Meta revealed its progress in developing custom infrastructure for AI workloads at a virtual event today, including generative AI that powers its new ad design and creation tools.
The announcement was a show of force from Meta, which has been behind its competitors like Google and Microsoft in adopting hardware systems optimized for AI.
“By building our own [hardware] capabilities, we have control over every layer of the stack, from datacenter design to training frameworks,” Alexis Bjorlin, VP of Infrastructure at Meta, told TechCrunch. “This level of vertical integration is needed to push the boundaries of AI research at scale.”
Meta has invested billions of dollars in hiring top data scientists and creating new kinds of AI, such as AI that runs the discovery engines, moderation filters and ad recommenders across its apps and services. But the company has faced challenges in turning many of its more advanced AI research innovations into products, especially in the generative AI domain.
Until 2022, Meta relied on a mix of CPUs — which are less efficient for AI tasks than GPUs — and a custom chip designed to speed up AI algorithms. Meta scrapped a large-scale deployment of the custom chip, planned for 2022, and instead bought billions of dollars’ worth of Nvidia GPUs that required major overhauls of several of its data centers.
To catch up, Meta decided to start working on a more ambitious in-house chip, expected in 2025, that can both train and run AI models. And that was the main focus of today’s presentation.

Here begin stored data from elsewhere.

Lemma chain_split l t :
  0 <= t -> t < chain_weight l ->
  exists l1 p l2, l = l1 ++ p :: l2 /\
    chain_weight l1 <= t /\ t < chain_weight l1 + (/2) ^ fst p.
Proof.
  revert t. induction l as [|p l IH]; intros t Ht Hl; simpl in Hl; [lra|].
  destruct (Rlt_le_dec t ((/2) ^ fst p)) as [Hlt|Hge].
  - exists nil, p, l. simpl. repeat split; lra.
  - destruct (IH (t - (/2) ^ fst p)) as (l1 & q & l2 & -> & H1 & H2); [lra|lra|].
    exists (p :: l1), q, l2. simpl. repeat split; lra.
Qed.

Definition chain_inv (l : list (nat * G)) : list (nat * G) :=
  rev (map (fun p => (fst p, inv (snd p))) l).

Lemma chain_inv_prod l : chain_prod (chain_inv l) = inv (chain_prod l).
Proof.
  induction l as [|p l IH]; unfold chain_inv in *; simpl.
  - symmetry. apply (inv1 Hg).
  - rewrite chain_prod_app, IH, (invM Hg). simpl. rewrite (mulg1 Hg). reflexivity.
Qed.

Lemma chain_inv_weight l : chain_weight (chain_inv l) = chain_weight l.
Proof.
  induction l as [|p l IH]; unfold chain_inv in *; simpl; [reflexivity|].
  rewrite chain_weight_app, IH. simpl. lra.
Qed.

Variable V : nat -> G -> Prop.

Definition chain_in (l : list (nat * G)) : Prop :=
  Forall (fun p => V (fst p) (snd p)) l.

Lemma chain_in_inv (Vsym : forall n x, V n x -> V n (inv x)) l :
  chain_in l -> chain_in (chain_inv l).
Proof.
  intros Hl. apply Forall_rev, Forall_map.
  eapply Forall_impl; [|exact Hl]. intros p Hp. apply Vsym, Hp.
Qed.

Hypotheses (V_e : forall n, V n e)
  (V_cube : forall n a b c, V (S n) a -> V (S n) b -> V (S n) c -> V n (op a (op b c))).

Lemma V_mono n m z : (n <= m)%nat -> V m z -> V n z.
Proof.
  induction 1 as [|m _ IH]; [auto|]. intros Hz. apply IH.
  rewrite <- (mulg1 Hg z), <- (mulg1 Hg e). apply V_cube; auto.
Qed.

(* Split the chain at half its weight into a left part, one link and a
   right part; each part has weight at most 2^-(m+2), so V_(m+1)^3 in V_m. *)
Lemma chain_small_in_V l m :
  chain_in l -> chain_weight l <= (/2) ^ S m -> V m (chain_prod l).
Proof.
  remember (length l) as k eqn:Hk. revert l m Hk.
  induction k as [k IH] using (well_founded_induction Wf_nat.lt_wf). intros l m Hk Hin Hw.
  destruct l as [|p0 l0]; [apply V_e|].
  set (w := chain_weight (p0 :: l0)) in *.
  assert (Hpos : 0 < w).
  { unfold w. simpl. pose proof (half_pow_pos (fst p0)).
    pose proof (chain_weight_nonneg l0). lra. }
  destruct (chain_split (p0 :: l0) (t := w / 2)) as (l1 & p & l2 & Hsplit & H1 & H2);
    [lra|fold w; lra|].
  assert (Hw_split : w = chain_weight l1 + ((/2) ^ fst p + chain_weight l2)).
  { unfold w. rewrite Hsplit, chain_weight_app. reflexivity. }
  assert (Hlen : length (p0 :: l0) = (length l1 + S (length l2))%nat).
  { rewrite Hsplit, length_app. reflexivity. }
  rewrite Hsplit in Hin |- *. unfold chain_in in Hin.
  apply Forall_app in Hin as [Hin1 Hin2]. inversion Hin2 as [|? ? Hp Hin2']; subst.
  pose proof (chain_weight_nonneg l1). pose proof (chain_weight_nonneg l2).
  pose proof (half_pow_pos (fst p)).
  rewrite chain_prod_app. simpl. apply V_cube.
  - apply (IH (length l1)); auto; [lia|]. simpl in Hw |- *. lra.
  - apply (V_mono (n := S m) (m := fst p)); [apply half_pow_le_inv; lra | exact Hp].
  - apply (IH (length l2)); auto; [lia|]. simpl in Hw |- *. lra.
Qed.

End Chains.

Section ChainNorm.
Variables (G : Type) (op : G -> G -> G) (e : G) (inv : G -> G).
Hypothesis Hg : is_group op e inv.
Variable V : nat -> G -> Prop.
Hypothesis V_full : forall z, V 0%nat z.

Definition is_inf (E : R -> Prop) (g : R) : Prop :=
  (forall s, E s -> g <= s) /\ (forall g', (forall s, E s -> g' <= s) -> g' <= g).

Lemma inf_exists (E : R -> Prop) :
  (exists s, E s) -> (forall s, E s -> 0 <= s) -> exists g, is_inf E g.
Proof.
  intros [s0 Hs0] Hpos.
  destruct (completeness (fun x => E (- x))) as [m [Hub Hlub]].
  - exists 0. intros x Hx. apply Hpos in Hx. lra.
  - exists (- s0). rewrite Ropp_involutive. exact Hs0.
  - exists (- m). split.
    + intros s Hs. assert (- s <= m) by (apply Hub; rewrite Ropp_involutive; exact Hs). lra.
    + intros g' Hg'. assert (m <= - g') by (apply Hlub; intros x Hx; apply Hg' in Hx; lra).
      lra.
Qed.

Definition chain_weights (z : G) (s : R) : Prop :=
  exists l, chain_in V l /\ chain_prod op e l = z /\ s = chain_weight l.

Definition chain_norm (z : G) : R := epsilon (inhabits 0) (is_inf (chain_weights z)).

Lemma chain_norm_spec z : is_inf (chain_weights z) (chain_norm z).
Proof.
  unfold chain_norm. apply epsilon_spec, inf_exists.
  - exists (chain_weight ((0%nat, z) :: nil)), ((0%nat, z) :: nil).
    split; [constructor; [apply V_full | constructor]|].
    split; [simpl; apply (mulg1 Hg) | reflexivity].
  - intros s (l & _ & _ & ->). apply chain_weight_nonneg.
Qed.

Lemma chain_norm_le l : chain_in V l -> chain_norm (chain_prod op e l) <= chain_weight l.
Proof. intros Hl. apply (proj1 (chain_norm_spec _)). exists l. auto. Qed.

Lemma chain_norm_nonneg z : 0 <= chain_norm z.
Proof.
  apply (proj2 (chain_norm_spec z)). intros s (l & _ & _ & ->). apply chain_weight_nonneg.
Qed.

Lemma chain_norm_approx z eps :
  0 < eps -> exists l, chain_in V l /\ chain_prod op e l = z /\
                       chain_weight l < chain_norm z + eps.
Proof.
  intros Heps. apply NNPP. intros Hnone.
  assert (chain_norm z + eps <= chain_norm z); [|lra].
  apply (proj2 (chain_norm_spec z)). intros s (l & Hl & Hp & ->).
  apply Rnot_lt_le. intros Hlt. apply Hnone. exists l. auto.
Qed.

Lemma chain_norm_e : chain_norm e = 0.
Proof.
  pose proof (chain_norm_le (l := nil) (Forall_nil _)).
  pose proof (chain_norm_nonneg e). simpl in *. lra.
Qed.

Lemma chain_norm_single n z : V n z -> chain_norm z <= (/2) ^ n.
Proof.
  intros Hz. pose proof (chain_norm_le (l := (n, z) :: nil)) as H. simpl in H.
  rewrite (mulg1 Hg), Rplus_0_r in H. apply H. constructor; [exact Hz | constructor].
Qed.

Lemma chain_norm_mul a b : chain_norm (op a b) <= chain_norm a + chain_norm b.
Proof.
  apply Rnot_lt_le. intros Hlt.
  set (eps := (chain_norm (op a b) - chain_norm a - chain_norm b) / 2).
  assert (Heps : 0 < eps) by (unfold eps; lra).
  destruct (chain_norm_approx a Heps) as (la & Hla & Hpa & Hwa).
  destruct (chain_norm_approx b Heps) as (lb & Hlb & Hpb & Hwb).
  assert (Hin : chain_in V (la ++ lb)) by (apply Forall_app; auto).
  pose proof (chain_norm_le Hin) as Hle.
  rewrite (chain_prod_app Hg), chain_weight_app, Hpa, Hpb in Hle.
  unfold eps in *. lra.
Qed.

Lemma chain_norm_inv (Vsym : forall n x, V n x -> V n (inv x)) z :
  chain_norm (inv z) = chain_norm z.
Proof.
  assert (Hle : forall z, chain_norm (inv z) <= chain_norm z).
  { clear z. intros z. apply (proj2 (chain_norm_spec z)). intros s (l & Hl & Hp & ->).
    rewrite <- (chain_inv_weight inv l), <- Hp, <- (chain_inv_prod Hg l).
    apply chain_norm_le, chain_in_inv; auto. }
  apply Rle_antisym; [apply Hle|]. rewrite <- (invK Hg z) at 1. apply Hle.
Qed.

Lemma chain_norm_small (V_e : forall n, V n e)
  (V_cube : forall n a b c, V (S n) a -> V (S n) b -> V (S n) c -> V n (op a (op b c)))
  m z : chain_norm z < (/2) ^ S m -> V m z.
Proof.
  intros Hz.
  destruct (chain_norm_approx z (eps := (/2) ^ S m - chain_norm z)) as (l & Hl & <- & Hw);
    [lra|].
  apply (chain_small_in_V Hg V_e V_cube Hl). lra.
Qed.

End ChainNorm.

Section BirkhoffKakutani.
Variables (G : Type) (opn : (G -> Prop) -> Prop)
  (op : G -> G -> G) (e : G) (inv : G -> G).
Hypothesis Ht : is_topological_group opn op e inv.
Variable d0 : G -> G -> R.
Hypotheses (Hm0 : is_metric d0) (Hc0 : metric_compatible d0 opn).

Definition symmetric_cube_root (W S : G -> Prop) : Prop :=
  opn S /\ S e /\ (forall x, S x -> S (inv x)) /\
  (forall a b c, S a -> S b -> S c -> W (op a (op b c))).

(* Continuity of multiplication at (e, e), applied twice, gives cube roots;
   intersecting with the inverse image makes them symmetric. *)
Lemma cube_root_exists W : opn W -> W e -> exists S, symmetric_cube_root W S.
Proof.
  intros HW HWe. destruct Ht as ((_ & Hinter & _) & Hg & Hcont & Hinv).
  destruct (Hcont W e e HW) as (U1 & V1 & HU1 & HV1 & U1e & V1e & H1);
    [rewrite (mul1g Hg); exact HWe|].
  destruct (Hcont (fun x => U1 x /\ V1 x) e e) as (U2 & V2 & HU2 & HV2 & U2e & V2e & H2);
    [apply Hinter; auto | rewrite (mul1g Hg); auto|].
  set (T := fun x => U1 x /\ U2 x /\ V2 x).
  assert (HT : opn T) by (unfold T; apply Hinter; auto).
  exists (fun x => T x /\ T (inv x)). split; [|split; [|split]].
  - apply Hinter; auto.
  - rewrite (inv1 Hg). unfold T; auto.
  - intros x [Tx Tix]. rewrite (invK Hg). auto.
  - intros a b c [[Ua _] _] [[_ [Ub _]] _] [[_ [_ Vc]] _].
    apply H1; [exact Ua | apply (H2 b c Ub Vc)].
Qed.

The new chip is called the Meta Training and Inference Accelerator, or MTIA for short, and it is part of a “family” of chips for accelerating AI training and inferencing workloads. The MTIA is an ASIC, a type of chip that combines different circuits on one board, allowing it to be programmed to perform one or many tasks in parallel.
“We needed a tailored solution that’s co-designed with the model, software stack and the system hardware to achieve better levels of efficiency and performance across our important workloads,” Bjorlin continued. “This provides a better experience for our users across a variety of services.”
Custom AI chips are becoming more common among the Big Tech players. Google created a processor, the TPU (short for “tensor processing unit”), to train large generative AI systems like PaLM-2 and Imagen. Amazon offers proprietary chips to AWS customers for both training (Trainium) and inferencing (Inferentia). And Microsoft, reportedly, is collaborating with AMD to develop an in-house AI chip called Athena.
Meta says it made the first version of the MTIA — MTIA v1 — in 2020, using a 7-nanometer process. It can scale beyond its internal 128 MB of memory to up to 128 GB, and in a benchmark test designed by Meta — which should be taken with caution — Meta claims that the MTIA handled “low-complexity” and “medium-complexity” AI models more efficiently than a GPU.
There are still challenges in the memory and networking areas of the chip, Meta says, which become bottlenecks as the size of AI models increases, requiring workloads to be distributed across several chips. (Meta recently acquired an Oslo-based team working on AI networking tech at British chip unicorn Graphcore.) And for now, the MTIA’s focus is only on inference — not training — for “recommendation workloads” across Meta’s app family.
But Meta emphasized that the MTIA, which it continues to improve, “greatly” boosts the company’s efficiency in terms of performance per watt when running recommendation workloads — allowing Meta to run “more enhanced” and “cutting-edge” (presumably) AI workloads.